CJ’s confident energy blasts to the forefront right from the beginning as she takes the stage to the sound of her heels clack-clacking on the hardwood floors at Caos on F.
Her material is brought forward in much the same way. The first story in her hour-long comedic-event takes the audience to Alaska for the famed Iditarod. There, CJ tells us of her time serving on the “pee-team,” a group of volunteer drug-testing agents tasked with collecting dog urine for anti-doping checks before the race.

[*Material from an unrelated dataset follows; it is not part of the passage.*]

(* Let $(G,\mathcal{P})$ and $(H,\mathcal{Q})$ be group pairs. (i) If $q\colon(G,\mathcal{P})\to(H,\mathcal{Q})$ is a quasi-isometry of pairs such that the projections $\dot q\to G/\mathcal{P}$ and $\dot q\to H/\mathcal{Q}$ are bijective, then $(G,\mathcal{P})$ and $(H,\mathcal{Q})$ are strongly quasi-isometric. (ii) If $(G,\mathcal{P})$ and $(H,\mathcal{Q})$ are strongly quasi-isometric, then they are quasi-isometric (i.e. there is a quasi-isometry of pairs between them).
   Context: A group pair $(G,\mathcal{P})$: $G$ finitely generated with a word metric for a finite generating set, $\mathcal{P}$ a non-empty finite collection of subgroups (repetitions allowed); $G/\mathcal{P}=\coprod_{P\in\mathcal{P}}G/P$, elements viewed as cosets (subsets of $G$). $f$ is $(L,C)$-Lipschitz if $d(f(x),f(x'))\le L\,d(x,x')+C$. Fix $L\ge1,C\ge0,M\ge0$. For $q\colon G\to H$ let $\dot q=\{(A,B)\in G/\mathcal{P}\times H/\mathcal{Q}: \text{Hausdorff distance in }H\text{ between }q(A)\text{ and }B\text{ is }<M\}$. An $(L,C,M)$-quasi-isometry of pairs is an $(L,C)$-quasi-isometry $q\colon G\to H$ such that both projections $\dot q\to G/\mathcal{P}$, $\dot q\to H/\mathcal{Q}$ are surjective. An $(L,C,M)$-Lipschitz map of pairs $f=(f_1,f_2)\colon(G,\mathcal{P})\to(H,\mathcal{Q})$ is an $(L,C)$-Lipschitz $f_1\colon G\to H$ and a function $f_2\colon G/\mathcal{P}\to H/\mathcal{Q}$ with Hausdorff distance between $f_1(A)$ and $f_2(A)$ less than $M$ for all $A$. $(f,r)$ is an $(L,C,M)$-quasi-retraction of pairs if $f\colon(G,\mathcal{P})\to(H,\mathcal{Q})$, $r\colon(H,\mathcal{Q})\to(G,\mathcal{P})$ are such maps with $d_G(r_1f_1(g),g)\le C$ for all $g$ and $r_2\circ f_2=\mathrm{id}$. $f$ is a strong $(L,C,M)$-quasi-isometry of pairs if there is an $(L,C,M)$-Lipschitz map of pairs $r$ with $(f,r)$ and $(r,f)$ both $(L,C,M)$-quasi-retractions. Pairs are (strongly) quasi-isometric if such maps exist for some constants $L,C,M$. *)

From Stdlib Require Import Reals List ClassicalEpsilon.
From Coquelicot Require Import Rbar Lub.
Open Scope R_scope.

Later on, CJ shares an adventure in Manhattan that involves a Muppet, a cocktail dress, and a world leader who’s very much in the news of late. This one you deserve to hear first-hand.
The Human Algorithm
Written and performed by CJ
But CJ’s message isn’t simply that she did something ridiculous things in Alaska or accosted a head of state. The show’s arc comes from her use of “pee-teams,” Muppets, and other artifacts of her life as a backdrop for a more self-reflective message: That even a self-described “Sex and the City Gal in full makeup” needs to be able to laugh at herself.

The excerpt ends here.